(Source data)
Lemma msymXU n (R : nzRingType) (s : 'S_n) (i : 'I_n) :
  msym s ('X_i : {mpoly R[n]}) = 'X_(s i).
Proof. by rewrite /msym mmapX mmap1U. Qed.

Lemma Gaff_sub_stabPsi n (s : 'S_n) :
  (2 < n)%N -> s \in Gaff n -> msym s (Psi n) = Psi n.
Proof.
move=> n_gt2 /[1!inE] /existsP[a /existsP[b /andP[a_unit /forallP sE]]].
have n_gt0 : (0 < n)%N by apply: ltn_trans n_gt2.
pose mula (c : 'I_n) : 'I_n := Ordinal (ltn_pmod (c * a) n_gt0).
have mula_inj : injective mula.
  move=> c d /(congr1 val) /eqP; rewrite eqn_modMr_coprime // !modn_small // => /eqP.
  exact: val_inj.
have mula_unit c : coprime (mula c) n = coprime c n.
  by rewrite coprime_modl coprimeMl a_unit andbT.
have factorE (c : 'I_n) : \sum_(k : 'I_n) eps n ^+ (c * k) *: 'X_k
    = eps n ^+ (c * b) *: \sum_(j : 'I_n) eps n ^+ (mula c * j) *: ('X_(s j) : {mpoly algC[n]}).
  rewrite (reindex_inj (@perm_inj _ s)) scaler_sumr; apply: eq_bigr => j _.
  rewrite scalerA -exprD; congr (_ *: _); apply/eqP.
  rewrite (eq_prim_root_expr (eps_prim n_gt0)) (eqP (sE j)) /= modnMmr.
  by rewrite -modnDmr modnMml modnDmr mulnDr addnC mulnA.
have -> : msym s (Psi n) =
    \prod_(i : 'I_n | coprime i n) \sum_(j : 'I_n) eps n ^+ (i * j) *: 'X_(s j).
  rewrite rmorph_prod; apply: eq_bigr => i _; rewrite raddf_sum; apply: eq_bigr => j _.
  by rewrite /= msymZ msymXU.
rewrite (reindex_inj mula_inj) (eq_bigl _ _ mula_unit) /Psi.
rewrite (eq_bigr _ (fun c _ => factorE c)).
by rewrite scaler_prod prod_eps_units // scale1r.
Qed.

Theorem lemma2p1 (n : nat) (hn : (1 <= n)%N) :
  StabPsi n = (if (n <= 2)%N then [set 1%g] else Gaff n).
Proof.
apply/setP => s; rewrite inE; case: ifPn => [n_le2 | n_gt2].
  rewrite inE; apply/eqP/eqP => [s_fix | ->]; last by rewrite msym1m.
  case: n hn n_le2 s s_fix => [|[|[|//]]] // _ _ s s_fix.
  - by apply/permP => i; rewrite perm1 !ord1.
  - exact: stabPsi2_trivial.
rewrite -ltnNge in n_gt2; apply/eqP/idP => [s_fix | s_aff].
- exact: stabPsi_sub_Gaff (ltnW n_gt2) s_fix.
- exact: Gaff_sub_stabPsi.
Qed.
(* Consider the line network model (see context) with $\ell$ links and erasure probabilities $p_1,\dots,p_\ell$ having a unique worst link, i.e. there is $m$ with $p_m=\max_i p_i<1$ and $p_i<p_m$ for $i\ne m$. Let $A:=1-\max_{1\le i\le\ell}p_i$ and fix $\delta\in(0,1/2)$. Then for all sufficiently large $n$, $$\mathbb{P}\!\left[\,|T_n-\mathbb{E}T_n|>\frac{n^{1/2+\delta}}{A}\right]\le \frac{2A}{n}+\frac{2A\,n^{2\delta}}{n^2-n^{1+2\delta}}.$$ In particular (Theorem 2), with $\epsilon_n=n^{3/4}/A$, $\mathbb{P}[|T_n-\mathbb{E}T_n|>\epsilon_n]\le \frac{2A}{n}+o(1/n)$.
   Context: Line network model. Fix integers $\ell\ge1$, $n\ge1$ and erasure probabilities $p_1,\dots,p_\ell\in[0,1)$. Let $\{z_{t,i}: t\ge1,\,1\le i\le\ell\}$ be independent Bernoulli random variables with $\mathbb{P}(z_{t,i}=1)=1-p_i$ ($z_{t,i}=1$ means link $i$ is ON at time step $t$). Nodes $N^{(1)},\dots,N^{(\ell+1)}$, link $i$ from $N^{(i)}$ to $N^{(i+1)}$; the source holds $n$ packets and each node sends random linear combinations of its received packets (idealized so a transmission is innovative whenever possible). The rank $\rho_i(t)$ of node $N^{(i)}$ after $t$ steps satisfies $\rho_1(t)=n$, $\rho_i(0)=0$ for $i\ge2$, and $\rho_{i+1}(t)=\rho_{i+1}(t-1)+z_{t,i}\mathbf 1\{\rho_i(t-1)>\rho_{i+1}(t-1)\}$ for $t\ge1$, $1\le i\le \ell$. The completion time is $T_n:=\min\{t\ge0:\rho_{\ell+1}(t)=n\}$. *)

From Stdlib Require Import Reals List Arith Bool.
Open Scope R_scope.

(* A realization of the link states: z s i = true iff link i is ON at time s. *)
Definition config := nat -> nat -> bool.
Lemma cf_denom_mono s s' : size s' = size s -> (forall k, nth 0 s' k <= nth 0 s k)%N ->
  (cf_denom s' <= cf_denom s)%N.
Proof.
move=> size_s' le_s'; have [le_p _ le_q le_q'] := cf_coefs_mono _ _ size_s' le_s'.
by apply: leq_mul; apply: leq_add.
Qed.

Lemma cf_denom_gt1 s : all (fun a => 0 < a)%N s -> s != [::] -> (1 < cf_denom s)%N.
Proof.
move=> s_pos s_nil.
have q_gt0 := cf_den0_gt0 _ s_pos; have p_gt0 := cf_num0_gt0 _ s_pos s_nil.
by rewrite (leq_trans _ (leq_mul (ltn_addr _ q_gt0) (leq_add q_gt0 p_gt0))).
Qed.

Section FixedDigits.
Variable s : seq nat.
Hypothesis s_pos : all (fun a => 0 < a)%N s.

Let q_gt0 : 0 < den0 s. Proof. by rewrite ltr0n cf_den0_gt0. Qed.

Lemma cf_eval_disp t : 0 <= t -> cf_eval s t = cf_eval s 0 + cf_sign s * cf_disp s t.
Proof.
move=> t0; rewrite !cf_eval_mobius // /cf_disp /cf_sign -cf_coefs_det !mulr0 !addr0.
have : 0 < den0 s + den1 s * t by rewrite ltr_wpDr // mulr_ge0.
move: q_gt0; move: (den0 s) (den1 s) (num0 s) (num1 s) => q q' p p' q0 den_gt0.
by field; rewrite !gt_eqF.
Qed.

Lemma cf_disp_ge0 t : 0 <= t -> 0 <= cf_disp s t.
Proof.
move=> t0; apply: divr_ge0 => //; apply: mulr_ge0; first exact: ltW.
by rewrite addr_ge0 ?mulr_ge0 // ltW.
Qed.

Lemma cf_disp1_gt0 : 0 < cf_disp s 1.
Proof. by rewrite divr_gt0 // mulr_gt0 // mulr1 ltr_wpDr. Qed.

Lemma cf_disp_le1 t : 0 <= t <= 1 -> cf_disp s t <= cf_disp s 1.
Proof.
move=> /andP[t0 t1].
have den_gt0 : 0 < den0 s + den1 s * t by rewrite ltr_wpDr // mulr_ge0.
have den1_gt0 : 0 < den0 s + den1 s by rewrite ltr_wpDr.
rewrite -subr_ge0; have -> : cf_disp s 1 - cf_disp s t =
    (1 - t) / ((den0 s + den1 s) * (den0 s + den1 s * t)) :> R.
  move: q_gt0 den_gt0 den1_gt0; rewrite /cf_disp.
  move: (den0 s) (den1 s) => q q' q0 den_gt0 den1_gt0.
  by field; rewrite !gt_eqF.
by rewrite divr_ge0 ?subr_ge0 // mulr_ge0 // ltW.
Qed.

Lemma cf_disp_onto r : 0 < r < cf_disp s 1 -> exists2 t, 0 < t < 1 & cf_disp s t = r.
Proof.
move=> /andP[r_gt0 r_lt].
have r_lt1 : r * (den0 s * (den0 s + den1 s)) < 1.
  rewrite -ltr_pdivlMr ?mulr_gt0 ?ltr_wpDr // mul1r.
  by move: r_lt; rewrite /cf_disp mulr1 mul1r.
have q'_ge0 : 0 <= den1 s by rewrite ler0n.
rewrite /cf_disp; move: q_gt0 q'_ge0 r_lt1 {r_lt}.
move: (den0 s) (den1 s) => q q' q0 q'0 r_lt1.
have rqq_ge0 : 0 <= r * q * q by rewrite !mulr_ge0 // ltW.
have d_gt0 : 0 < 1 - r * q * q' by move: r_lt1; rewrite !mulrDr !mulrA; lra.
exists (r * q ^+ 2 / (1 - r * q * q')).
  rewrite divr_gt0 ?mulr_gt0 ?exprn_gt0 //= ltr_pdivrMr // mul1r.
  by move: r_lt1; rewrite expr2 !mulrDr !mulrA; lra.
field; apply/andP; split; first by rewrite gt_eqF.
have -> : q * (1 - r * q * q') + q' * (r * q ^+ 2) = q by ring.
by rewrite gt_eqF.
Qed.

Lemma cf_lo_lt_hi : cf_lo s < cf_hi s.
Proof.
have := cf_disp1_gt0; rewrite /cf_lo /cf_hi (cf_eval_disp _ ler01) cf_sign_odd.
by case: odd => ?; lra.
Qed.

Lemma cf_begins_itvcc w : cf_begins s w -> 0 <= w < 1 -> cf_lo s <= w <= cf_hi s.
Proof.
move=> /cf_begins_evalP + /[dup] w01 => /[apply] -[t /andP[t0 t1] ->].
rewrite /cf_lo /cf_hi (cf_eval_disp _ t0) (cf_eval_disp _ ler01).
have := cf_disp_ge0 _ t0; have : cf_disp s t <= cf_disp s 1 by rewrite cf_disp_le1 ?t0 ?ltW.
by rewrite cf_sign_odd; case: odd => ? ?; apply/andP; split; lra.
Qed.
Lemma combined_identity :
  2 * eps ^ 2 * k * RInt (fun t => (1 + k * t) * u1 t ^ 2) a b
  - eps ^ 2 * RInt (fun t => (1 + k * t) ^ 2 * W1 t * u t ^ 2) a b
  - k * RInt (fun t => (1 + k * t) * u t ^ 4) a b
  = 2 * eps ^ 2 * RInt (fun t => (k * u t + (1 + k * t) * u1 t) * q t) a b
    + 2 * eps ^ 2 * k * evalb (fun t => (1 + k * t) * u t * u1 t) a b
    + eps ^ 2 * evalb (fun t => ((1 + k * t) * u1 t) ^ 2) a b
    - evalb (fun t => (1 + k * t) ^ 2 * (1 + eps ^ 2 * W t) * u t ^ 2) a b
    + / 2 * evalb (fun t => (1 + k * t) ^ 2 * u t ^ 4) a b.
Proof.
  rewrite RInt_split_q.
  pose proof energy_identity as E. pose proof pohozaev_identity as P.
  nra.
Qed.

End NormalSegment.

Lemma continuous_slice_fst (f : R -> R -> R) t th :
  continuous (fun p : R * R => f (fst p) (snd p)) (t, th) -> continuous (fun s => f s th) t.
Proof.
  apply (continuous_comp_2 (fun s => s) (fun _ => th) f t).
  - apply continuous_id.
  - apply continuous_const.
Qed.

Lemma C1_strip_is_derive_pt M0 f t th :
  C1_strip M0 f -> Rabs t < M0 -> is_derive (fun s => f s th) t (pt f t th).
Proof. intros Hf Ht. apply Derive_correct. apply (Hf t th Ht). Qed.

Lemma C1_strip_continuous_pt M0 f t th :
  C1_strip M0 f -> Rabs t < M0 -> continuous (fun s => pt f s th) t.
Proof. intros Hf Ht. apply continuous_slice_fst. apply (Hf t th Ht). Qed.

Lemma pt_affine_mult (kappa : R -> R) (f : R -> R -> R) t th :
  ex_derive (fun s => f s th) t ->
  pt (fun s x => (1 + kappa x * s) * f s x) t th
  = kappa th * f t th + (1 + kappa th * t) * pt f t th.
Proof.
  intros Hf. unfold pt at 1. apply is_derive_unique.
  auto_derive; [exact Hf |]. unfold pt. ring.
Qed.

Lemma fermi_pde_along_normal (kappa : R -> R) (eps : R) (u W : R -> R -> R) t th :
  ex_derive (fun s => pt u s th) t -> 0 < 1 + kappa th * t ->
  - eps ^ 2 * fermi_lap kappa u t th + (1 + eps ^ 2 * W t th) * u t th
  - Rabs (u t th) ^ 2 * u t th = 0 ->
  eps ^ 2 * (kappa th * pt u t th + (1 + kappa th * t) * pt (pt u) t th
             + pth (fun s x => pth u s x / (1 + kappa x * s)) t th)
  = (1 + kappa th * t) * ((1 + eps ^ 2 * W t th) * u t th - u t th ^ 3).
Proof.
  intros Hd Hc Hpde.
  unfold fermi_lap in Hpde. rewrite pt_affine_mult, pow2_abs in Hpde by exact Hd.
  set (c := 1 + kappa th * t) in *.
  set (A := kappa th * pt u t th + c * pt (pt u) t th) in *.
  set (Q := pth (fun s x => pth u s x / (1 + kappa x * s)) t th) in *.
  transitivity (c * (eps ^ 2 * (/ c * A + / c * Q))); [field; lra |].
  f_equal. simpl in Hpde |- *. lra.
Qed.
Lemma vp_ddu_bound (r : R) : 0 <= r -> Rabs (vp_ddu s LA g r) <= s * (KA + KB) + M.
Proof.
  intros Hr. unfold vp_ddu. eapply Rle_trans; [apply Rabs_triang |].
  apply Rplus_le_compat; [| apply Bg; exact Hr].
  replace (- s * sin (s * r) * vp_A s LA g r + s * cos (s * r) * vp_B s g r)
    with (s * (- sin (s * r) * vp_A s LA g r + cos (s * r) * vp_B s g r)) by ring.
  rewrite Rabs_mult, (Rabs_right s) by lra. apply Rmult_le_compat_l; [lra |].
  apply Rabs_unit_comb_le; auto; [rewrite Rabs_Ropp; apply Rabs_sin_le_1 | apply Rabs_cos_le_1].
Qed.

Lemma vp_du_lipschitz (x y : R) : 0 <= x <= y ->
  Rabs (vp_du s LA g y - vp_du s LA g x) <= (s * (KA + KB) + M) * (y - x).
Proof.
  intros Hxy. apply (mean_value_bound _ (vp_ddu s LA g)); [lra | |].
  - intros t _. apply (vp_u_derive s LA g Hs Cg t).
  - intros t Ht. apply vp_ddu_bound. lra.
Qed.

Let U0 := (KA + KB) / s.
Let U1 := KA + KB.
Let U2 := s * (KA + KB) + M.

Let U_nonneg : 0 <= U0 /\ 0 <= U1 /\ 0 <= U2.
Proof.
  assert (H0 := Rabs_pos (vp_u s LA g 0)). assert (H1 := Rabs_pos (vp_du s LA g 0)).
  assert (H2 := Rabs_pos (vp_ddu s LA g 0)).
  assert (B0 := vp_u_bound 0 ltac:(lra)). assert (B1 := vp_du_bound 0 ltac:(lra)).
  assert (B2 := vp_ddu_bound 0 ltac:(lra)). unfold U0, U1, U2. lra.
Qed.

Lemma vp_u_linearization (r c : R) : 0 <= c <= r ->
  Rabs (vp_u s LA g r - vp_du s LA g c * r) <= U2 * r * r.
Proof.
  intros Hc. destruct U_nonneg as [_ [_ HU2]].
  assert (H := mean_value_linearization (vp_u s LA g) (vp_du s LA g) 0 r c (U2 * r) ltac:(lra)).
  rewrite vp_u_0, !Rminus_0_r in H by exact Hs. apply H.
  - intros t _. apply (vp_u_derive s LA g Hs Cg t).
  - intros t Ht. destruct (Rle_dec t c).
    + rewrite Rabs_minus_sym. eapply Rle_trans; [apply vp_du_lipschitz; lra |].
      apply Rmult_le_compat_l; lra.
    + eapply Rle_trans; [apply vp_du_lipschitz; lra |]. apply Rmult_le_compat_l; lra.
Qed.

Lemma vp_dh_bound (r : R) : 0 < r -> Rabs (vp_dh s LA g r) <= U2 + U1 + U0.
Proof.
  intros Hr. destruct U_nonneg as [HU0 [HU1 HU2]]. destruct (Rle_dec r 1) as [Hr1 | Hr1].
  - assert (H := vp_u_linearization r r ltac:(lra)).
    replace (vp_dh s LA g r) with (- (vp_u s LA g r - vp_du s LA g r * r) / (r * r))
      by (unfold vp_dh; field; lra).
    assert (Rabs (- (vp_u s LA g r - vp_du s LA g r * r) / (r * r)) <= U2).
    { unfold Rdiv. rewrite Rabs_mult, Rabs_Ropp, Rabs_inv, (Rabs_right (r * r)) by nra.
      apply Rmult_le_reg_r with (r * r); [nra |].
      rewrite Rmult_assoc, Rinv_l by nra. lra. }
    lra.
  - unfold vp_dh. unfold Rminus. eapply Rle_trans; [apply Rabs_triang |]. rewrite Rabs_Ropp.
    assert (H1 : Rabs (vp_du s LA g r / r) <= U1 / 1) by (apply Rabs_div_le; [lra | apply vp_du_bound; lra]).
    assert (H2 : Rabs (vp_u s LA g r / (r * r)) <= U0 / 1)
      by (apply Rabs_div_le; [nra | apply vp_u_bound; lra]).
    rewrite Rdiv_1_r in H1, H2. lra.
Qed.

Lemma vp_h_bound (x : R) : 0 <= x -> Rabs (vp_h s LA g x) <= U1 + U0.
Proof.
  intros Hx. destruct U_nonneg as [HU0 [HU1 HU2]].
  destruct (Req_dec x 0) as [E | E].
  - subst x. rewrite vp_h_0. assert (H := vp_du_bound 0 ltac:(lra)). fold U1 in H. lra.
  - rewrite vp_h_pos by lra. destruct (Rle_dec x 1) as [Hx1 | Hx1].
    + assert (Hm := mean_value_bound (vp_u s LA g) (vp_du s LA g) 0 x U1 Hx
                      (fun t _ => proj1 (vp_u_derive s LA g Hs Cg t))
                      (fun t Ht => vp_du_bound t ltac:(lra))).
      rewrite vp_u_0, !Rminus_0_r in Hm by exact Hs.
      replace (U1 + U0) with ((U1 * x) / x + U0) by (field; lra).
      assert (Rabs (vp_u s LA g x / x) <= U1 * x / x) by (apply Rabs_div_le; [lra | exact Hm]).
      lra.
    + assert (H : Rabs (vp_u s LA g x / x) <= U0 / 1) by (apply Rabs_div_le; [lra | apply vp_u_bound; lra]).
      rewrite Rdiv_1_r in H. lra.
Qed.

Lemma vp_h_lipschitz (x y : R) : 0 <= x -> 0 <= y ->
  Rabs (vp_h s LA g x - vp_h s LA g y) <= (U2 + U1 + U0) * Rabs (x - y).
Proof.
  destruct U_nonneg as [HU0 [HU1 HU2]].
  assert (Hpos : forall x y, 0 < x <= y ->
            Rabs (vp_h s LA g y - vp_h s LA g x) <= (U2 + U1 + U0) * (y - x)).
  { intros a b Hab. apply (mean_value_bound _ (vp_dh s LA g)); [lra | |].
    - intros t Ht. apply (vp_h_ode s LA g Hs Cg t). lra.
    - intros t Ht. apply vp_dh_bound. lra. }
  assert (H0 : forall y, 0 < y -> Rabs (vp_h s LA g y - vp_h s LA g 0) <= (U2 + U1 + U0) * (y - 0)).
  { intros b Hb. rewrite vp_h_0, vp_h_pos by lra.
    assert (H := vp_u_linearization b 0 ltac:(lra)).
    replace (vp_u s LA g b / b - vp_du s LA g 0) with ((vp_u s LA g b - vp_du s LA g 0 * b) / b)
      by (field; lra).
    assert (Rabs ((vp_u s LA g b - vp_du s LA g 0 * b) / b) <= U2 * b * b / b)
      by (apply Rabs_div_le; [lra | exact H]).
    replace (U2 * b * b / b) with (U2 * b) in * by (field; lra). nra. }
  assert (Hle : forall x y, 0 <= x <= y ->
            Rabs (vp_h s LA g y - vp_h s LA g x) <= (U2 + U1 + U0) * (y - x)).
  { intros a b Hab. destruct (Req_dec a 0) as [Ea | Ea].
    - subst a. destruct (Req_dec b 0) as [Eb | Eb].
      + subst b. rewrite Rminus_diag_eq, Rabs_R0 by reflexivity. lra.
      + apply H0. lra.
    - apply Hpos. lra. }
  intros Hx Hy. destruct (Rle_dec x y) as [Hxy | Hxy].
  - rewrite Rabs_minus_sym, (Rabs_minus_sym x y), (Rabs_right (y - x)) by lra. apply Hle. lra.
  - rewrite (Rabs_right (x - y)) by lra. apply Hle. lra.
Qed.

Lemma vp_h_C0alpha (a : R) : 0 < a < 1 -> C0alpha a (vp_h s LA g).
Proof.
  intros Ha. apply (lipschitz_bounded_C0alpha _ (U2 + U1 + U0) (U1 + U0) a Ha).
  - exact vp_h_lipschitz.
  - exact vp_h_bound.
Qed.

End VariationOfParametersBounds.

**EXERCISE OBJECTIVE**.
For this exercise, output exactly the lines above from the line with "have d_gt0 : 0" to the line with "- k * RInt (fun", counting both, and leave out the rest.

**EXERCISE RESPONSE**.
have d_gt0 : 0 < 1 - r * q * q' by move: r_lt1; rewrite !mulrDr !mulrA; lra.
exists (r * q ^+ 2 / (1 - r * q * q')).
  rewrite divr_gt0 ?mulr_gt0 ?exprn_gt0 //= ltr_pdivrMr // mul1r.
  by move: r_lt1; rewrite expr2 !mulrDr !mulrA; lra.
field; apply/andP; split; first by rewrite gt_eqF.
have -> : q * (1 - r * q * q') + q' * (r * q ^+ 2) = q by ring.
by rewrite gt_eqF.
Qed.

Lemma cf_lo_lt_hi : cf_lo s < cf_hi s.
Proof.
have := cf_disp1_gt0; rewrite /cf_lo /cf_hi (cf_eval_disp _ ler01) cf_sign_odd.
by case: odd => ?; lra.
Qed.

Lemma cf_begins_itvcc w : cf_begins s w -> 0 <= w < 1 -> cf_lo s <= w <= cf_hi s.
Proof.
move=> /cf_begins_evalP + /[dup] w01 => /[apply] -[t /andP[t0 t1] ->].
rewrite /cf_lo /cf_hi (cf_eval_disp _ t0) (cf_eval_disp _ ler01).
have := cf_disp_ge0 _ t0; have : cf_disp s t <= cf_disp s 1 by rewrite cf_disp_le1 ?t0 ?ltW.
by rewrite cf_sign_odd; case: odd => ? ?; apply/andP; split; lra.
Qed.
Lemma combined_identity :
  2 * eps ^ 2 * k * RInt (fun t => (1 + k * t) * u1 t ^ 2) a b
  - eps ^ 2 * RInt (fun t => (1 + k * t) ^ 2 * W1 t * u t ^ 2) a b
  - k * RInt (fun t => (1 + k * t) * u t ^ 4) a b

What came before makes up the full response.